Pictured, in order of their presidencies, are the 37th to the 44th (years in office and comments) enjoying bicycles at some time in their lives: Richard Milhous Nixon (1969-1974, family outing in D.C.), Gerald Rudolph Ford (1974-1977, as a child), James Earl Carter, Jr. (1977-1981), Ronald Wilson Reagan (1981-1989, tandem actor), George Herbert Walker Bush (1989-1993, while visiting Beijing), William Jefferson Clinton (1993-2001, receiving a bike from Lance Armstrong), George Walker Bush (2001-2009, mountain biking during countless Texas vacations), Barack Hussein Obama (2009-present, during a recent vacation on Martha’s Vineyard). [All images repeated from internet sources; click to enlarge.]
Enough about political leaders. How about the late Soichiro Honda, founder and president of Honda Motor Company? To Labann’s knowledge, he’s the only modern automotive CEO to establish a career by working on bicycles in his father’s shop. Honda, shown with a bike upon which he slapped a motor, was also the first Japanese maker to assemble cars in the United States. Ford built where he sold, too, successfully. This year, the most popular vehicle in America of any type is the fuel efficient Honda Accord LX sedan. Can identify with Honda’s curious policy of waigaya, loosely translated as “blah blah blah” or "brainstorming", which solicits commentary from everyone involved so as to explore all possibilities for quality improvements. It’s precisely the invitation to dialog that Bike&Chain was built upon.

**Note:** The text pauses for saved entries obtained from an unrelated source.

(* Let $M,N$ be weights of $\mathbb{R}^m,\mathbb{R}^n$, and let $A\in\mathbb{R}^{m\times n}$ with $MA=AN$ (i.e. $I\circ A=A\circ I$) and $\mathcal{R}(A\circ I)$ closed. Let $K\subseteq\mathbb{R}^n$ be a closed cone with $A^{[\dagger]}\circ A\circ K\subseteq K$. Put $$C=A\circ I\circ K,\qquad D=(A^{[\dagger]})^{[*]}\circ I\circ K^{[*]}.$$ Then the following are equivalent: (i) $D$ is acute; (ii) $(A^{[*]}\circ A)^{[\dagger]}\circ K^{[*]}\subseteq K+\mathcal{N}(A\circ I)$; (iii) $C$ is obtuse.
   Context: A weight is a real symmetric matrix $W$ with $W^2=I$. $\mathbb{R}^m$ and $\mathbb{R}^n$ carry weights $M\in\mathbb{R}^{m\times m}$ and $N\in\mathbb{R}^{n\times n}$, respectively. The indefinite inner product on the space with weight $W$ is $[x,y]=\langle x,Wy\rangle$. Indefinite matrix product: if $B$ has $p$ columns and $C'$ has $p$ rows (or is a vector in $\mathbb{R}^p$), $p\in\{m,n\}$, and $W$ is the weight of $\mathbb{R}^p$, then $B\circ C':=BWC'$. $I$ denotes an identity matrix of the appropriate size. Indefinite adjoint of $B\in\mathbb{R}^{p\times q}$: $B^{[*]}:=W_qB^TW_p$, where $W_p,W_q$ are the weights of $\mathbb{R}^p,\mathbb{R}^q$. Indefinite Moore–Penrose inverse: for $B\in\mathbb{R}^{p\times q}$, $B^{[\dagger]}$ is the unique $X\in\mathbb{R}^{q\times p}$ such that - $B\circ X\circ B=B$, - $X\circ B\circ X=X$, - $(B\circ X)^{[*]}=B\circ X$, - $(X\circ B)^{[*]}=X\circ B$. It equals $W_qB^\dagger W_p$. Range and null space: for a matrix $B$ with $q$ columns, $\mathcal{R}(B)=\{B\circ x:x\in\mathbb{R}^q\}$ and $\mathcal{N}(B)=\{x\in\mathbb{R}^q:B\circ x=0\}$. A cone is a nonempty set closed under addition and under multiplication by nonnegative scalars. For $S$ a subset of $\mathbb{R}^p$ with weight $W$, the dual is $S^{[*]}=\{x\in\mathbb{R}^p:[x,t]\ge0\ \forall t\in S\}$. For a matrix $B$ and a set $S$, $B\circ S=\{B\circ s:s\in S\}$. The sum of sets is the Minkowski sum. A cone $L$ is acute if $[x,y]\ge0$ for all $x,y\in L$, equivalently $L\subseteq L^{[*]}$. The cone $C=A\circ I\circ K$ is called obtuse if $(A\circ I\circ K)^{[*]}\cap\mathcal{R}(A\circ I)$ is acute. *)

From Stdlib Require Import Reals ClassicalEpsilon FunctionalExtensionality.
From HB Require Import structures.
From mathcomp Require Import all_boot all_order all_algebra.
Set Implicit Arguments. Unset Strict Implicit. Unset Printing Implicit Defensive.
Import Order.TTheory GRing.Theory Num.Theory.

Definition Reqb (x y : R) : bool := if Req_EM_T x y then true else false.
Lemma Reqb_axiom : Equality.axiom Reqb.
Proof. by move=> x y; rewrite /Reqb; case: Req_EM_T => h; constructor. Qed.
HB.instance Definition _ := hasDecEq.Build R Reqb_axiom.

Definition R_find (P : pred R) (n : nat) : option R :=
  if excluded_middle_informative (exists x, P x)
  then Some (epsilon (inhabits R0) (fun x => P x)) else None.
Lemma R_find_correct P n x : R_find P n = Some x -> P x.
Proof.
rewrite /R_find; case: excluded_middle_informative => // h [<-].
exact: (epsilon_spec (inhabits R0) (fun x => P x) h).
Qed.
Lemma R_find_complete (P : pred R) : (exists x, P x) -> exists n, R_find P n.
Proof. by move=> h; exists 0%N; rewrite /R_find; case: excluded_middle_informative. Qed.
Lemma R_find_ext (P Q : pred R) : P =1 Q -> R_find P =1 R_find Q.
Proof. by move=> h; have -> : P = Q by apply: functional_extensionality. Qed.
HB.instance Definition _ := hasChoice.Build R R_find_correct R_find_complete R_find_ext.

Lemma R_addA : associative Rplus. Proof. by move=> x y z; rewrite Rplus_assoc. Qed.
Lemma R_addC : commutative Rplus. Proof. exact: Rplus_comm. Qed.
Lemma R_add0 : left_id R0 Rplus. Proof. exact: Rplus_0_l. Qed.
Lemma R_addN : left_inverse R0 Ropp Rplus. Proof. exact: Rplus_opp_l. Qed.
HB.instance Definition _ := GRing.isZmodule.Build R R_addA R_addC R_add0 R_addN.

Lemma R_mulA : associative Rmult. Proof. by move=> x y z; rewrite Rmult_assoc. Qed.
Lemma R_mulC : commutative Rmult. Proof. exact: Rmult_comm. Qed.
Lemma R_mul1 : left_id R1 Rmult. Proof. exact: Rmult_1_l. Qed.
Lemma R_mulDl : left_distributive Rmult Rplus. Proof. by move=> x y z; rewrite Rmult_plus_distr_r. Qed.
Lemma R_one_neq0 : R1 != R0. Proof. by apply/eqP; exact: R1_neq_R0. Qed.
HB.instance Definition _ := GRing.Zmodule_isComNzRing.Build R R_mulA R_mulC R_mul1 R_mulDl R_one_neq0.

Local Open Scope ring_scope.
Definition R_inv (x : R) : R := if Reqb x R0 then R0 else Rinv x.
Lemma R_mulVf (x : R) : x != 0 -> (R_inv x * x)%R = 1%R.
Proof.
move=> /eqP h; rewrite /R_inv /Reqb; destruct (Req_EM_T x R0) as [e|ne]; first by case: h.
exact: (Rinv_l x h).
Qed.
Lemma R_inv0 : R_inv 0 = 0.
Proof. by rewrite /R_inv /Reqb; case: Req_EM_T. Qed.
HB.instance Definition _ := GRing.ComNzRing_isField.Build R R_mulVf R_inv0.

Definition Rleb (x y : R) : bool := if Rle_dec x y then true else false.
Definition Rltb (x y : R) : bool := if Rlt_dec x y then true else false.
Lemma RlebP x y : reflect (Rle x y) (Rleb x y).
Proof. by rewrite /Rleb; case: Rle_dec => h; constructor. Qed.
Lemma RltbP x y : reflect (Rlt x y) (Rltb x y).
Proof. by rewrite /Rltb; case: Rlt_dec => h; constructor. Qed.

Lemma R_le0_add (x y : R) : Rleb 0 x -> Rleb 0 y -> Rleb 0 (x + y).
Proof. move=> /RlebP hx /RlebP hy; apply/RlebP; exact: Rplus_le_le_0_compat. Qed.
Lemma R_le0_mul (x y : R) : Rleb 0 x -> Rleb 0 y -> Rleb 0 (x * y).
Proof. move=> /RlebP hx /RlebP hy; apply/RlebP; exact: Rmult_le_pos. Qed.
Lemma R_le0_anti (x : R) : Rleb 0 x -> Rleb x 0 -> x = 0.
Proof. move=> /RlebP hx /RlebP hy; exact: Rle_antisym. Qed.
Lemma R_sub_ge0 (x y : R) : Rleb 0 (y - x) = Rleb x y.
Proof.
apply/idP/idP => /RlebP h; apply/RlebP.
- have := Rplus_le_compat_r x _ _ h.
  by rewrite /GRing.add /GRing.opp /= Rplus_0_l Rplus_assoc Rplus_opp_l Rplus_0_r.
- have := Rplus_le_compat_r (- x)%R _ _ h.
  by rewrite /GRing.add /GRing.opp /= Rplus_opp_r.
Qed.
Lemma R_le0_total (x : R) : Rleb 0 x || Rleb x 0.
Proof.
case: (Rle_dec R0 x) => h; first by apply/orP; left; apply/RlebP.
by apply/orP; right; apply/RlebP; apply: Rlt_le; apply: Rnot_le_lt.
Qed.
Lemma R_normN (x : R) : Rabs (- x) = Rabs x.
Proof. exact: Rabs_Ropp. Qed.
Lemma R_ge0_norm (x : R) : Rleb 0 x -> Rabs x = x.
Proof. by move=> /RlebP h; rewrite Rabs_right //; apply: Rle_ge. Qed.
Lemma R_lt_def (x y : R) : Rltb x y = (y != x) && Rleb x y.
Proof.
apply/idP/idP.
- move=> /RltbP h; apply/andP; split; last by apply/RlebP; apply: Rlt_le.
  by apply/eqP => e; move: h; rewrite e; apply: Rlt_irrefl.
- move=> /andP[/eqP ne /RlebP le]; apply/RltbP.
  by case: (Rle_lt_or_eq_dec _ _ le) => // e; case: ne.
Qed.
HB.instance Definition _ := Num.IntegralDomain_isLeReal.Build R
  R_le0_add R_le0_mul R_le0_anti R_sub_ge0 R_le0_total R_normN R_ge0_norm R_lt_def.


Definition is_weight (p : nat) (W : 'M[R]_p) : Prop :=
  W^T = W /\ W *m W = 1%:M.

Definition iprod (p : nat) (W : 'M[R]_p) (x y : 'cV[R]_p) : R :=
  (x^T *m (W *m y)) ord0 ord0.

(* Indefinite matrix product B o C' := B W C', where B has p columns and W is *)
Definition imul (p q r : nat) (W : 'M[R]_p) (B : 'M[R]_(q, p)) (C : 'M[R]_(p, r))
  : 'M[R]_(q, r) := B *m W *m C.

Definition iadj (p q : nat) (Wp : 'M[R]_p) (Wq : 'M[R]_q) (B : 'M[R]_(p, q))
  : 'M[R]_(q, p) := Wq *m B^T *m Wp.

Definition is_imp (p q : nat) (Wp : 'M[R]_p) (Wq : 'M[R]_q)
    (B : 'M[R]_(p, q)) (X : 'M[R]_(q, p)) : Prop :=
  [/\ imul Wp (imul Wq B X) B = B,
      imul Wq (imul Wp X B) X = X,
      iadj Wp Wp (imul Wq B X) = imul Wq B X &
      iadj Wq Wq (imul Wp X B) = imul Wp X B].

(* B^[dagger]: THE X satisfying the four equations (it exists and is unique). *)
Definition imp (p q : nat) (Wp : 'M[R]_p) (Wq : 'M[R]_q) (B : 'M[R]_(p, q))
  : 'M[R]_(q, p) := epsilon (inhabits 0) (is_imp Wp Wq B).

Definition vset (p : nat) := 'cV[R]_p -> Prop.

Definition vsubset (p : nat) (S T : vset p) : Prop := forall x, S x -> T x.
Definition vinter (p : nat) (S T : vset p) : vset p := fun x => S x /\ T x.
Definition msum (p : nat) (S T : vset p) : vset p :=
  fun z => exists x y, S x /\ T y /\ z = x + y.

Definition imgs (p q : nat) (W : 'M[R]_p) (B : 'M[R]_(q, p)) (S : vset p) : vset q :=
  fun y => exists s, S s /\ y = imul W B s.

Definition irange (p q : nat) (W : 'M[R]_p) (B : 'M[R]_(q, p)) : vset q :=
  fun y => exists x, y = imul W B x.
Definition inull (p q : nat) (W : 'M[R]_p) (B : 'M[R]_(q, p)) : vset p :=
  fun x => imul W B x = 0.

Definition is_cone (p : nat) (K : vset p) : Prop :=
  [/\ exists x, K x,
      forall x y, K x -> K y -> K (x + y) &
      forall (a : R) x, 0 <= a -> K x -> K (a *: x)].

Definition enorm (p : nat) (x : 'cV[R]_p) : R :=
  sqrt (\sum_(i < p) (x i ord0) ^+ 2).
Definition is_closed (p : nat) (S : vset p) : Prop :=
  forall x, (forall eps : R, 0 < eps -> exists y, S y /\ enorm (x - y) < eps) -> S x.

Definition idual (p : nat) (W : 'M[R]_p) (S : vset p) : vset p :=
  fun x => forall t, S t -> 0 <= iprod W x t.

Definition acute (p : nat) (W : 'M[R]_p) (L : vset p) : Prop :=
  forall x y, L x -> L y -> 0 <= iprod W x y.

Definition obtuse (m n : nat) (M : 'M[R]_m) (N : 'M[R]_n) (A : 'M[R]_(m, n))
    (K : vset n) : Prop :=
  acute M (vinter (idual M (imgs N (imul N A 1%:M) K)) (irange N (imul N A 1%:M))).

From Stdlib Require Import Reals ClassicalEpsilon Classical.
From HB Require Import structures.
From mathcomp Require Import all_boot all_order all_algebra.
From mathcomp Require Import ring lra.
Set Implicit Arguments. Unset Strict Implicit. Unset Printing Implicit Defensive.
Import Order.TTheory GRing.Theory Num.Theory.
Local Open Scope ring_scope.

(* Because M A = A N, the weights commute with the Moore-Penrose inverse
   Y = A^+ (Y M = N Y), so A^[+] = Y, (A^[+])^[*] = Y^T and
   (A^[*] o A)^[+] = N Y Y^T.  Put T = (A^[*] o A)^[+] o K^[*].  The identity
   [Y^T s, Y^T s']_M = [s, (A^[*] o A)^[+] o s']_N shows that D is acute iff
   T is contained in K^[*][*], which equals K by the bipolar theorem for closed
   cones (proved with nearest points).  The orthogonal projection Y A fixes T
   and maps K into K, so T is contained in K + N(A) iff it is contained in K.
   Finally D lies in C^[*] /\ R(A), which gives (iii) => (i), and (ii) => (iii)
   follows from (A^[*] o A)^[+] o A^[*] = A^[+]. *)

Section MoorePenrose.
Variable F : realFieldType.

It’s unfinished logic was supposed to draw readers own comments, rather than simply disengage. Different shards of reason wind up in individuals. The collective unconscious requires billions of viewpoints to exist and sustain itself. It's akin to biodiversity, where all pieces of an ecosystem are necessary as long as they stay in balance. How they know, what they feel, why feeling surpasses knowing for most humans are all intrinsic to the B&C experience. Was intended to be participatory, reaching out singly to stimulate responding publicly, and set up so readers could access at any point and still become immersed, with arc but no causality, unlike most linear narratives. Might be confrontational when an author eager for conversation suggests reading a big damn experimental book. Although many influences shape progress, only your own position and what you made of it matters in the end. Only then will anybody realize it has the smallest merit, if only an ancient signpost stuck at an intersection pointing to a destination that no longer exists.
Commitment goads action. Indecision yields mediocrity. Does perpetually conflicted negate advancement? No. All action occurs before results can be evaluated. Struggles writhe around indeterminate possibilities. Inaction can impact just as much as action. History determines results and provokes change, not participants or presidents whose job is only to choose and do. You prevent through planning, though proactive planners seldom consider all contingencies. Only artists concern themselves with rare imagination and remote chances. Heads of state just inherit situations and suggest directions. Blame ambitious demagogues in Congress for unintended consequences of badly written laws.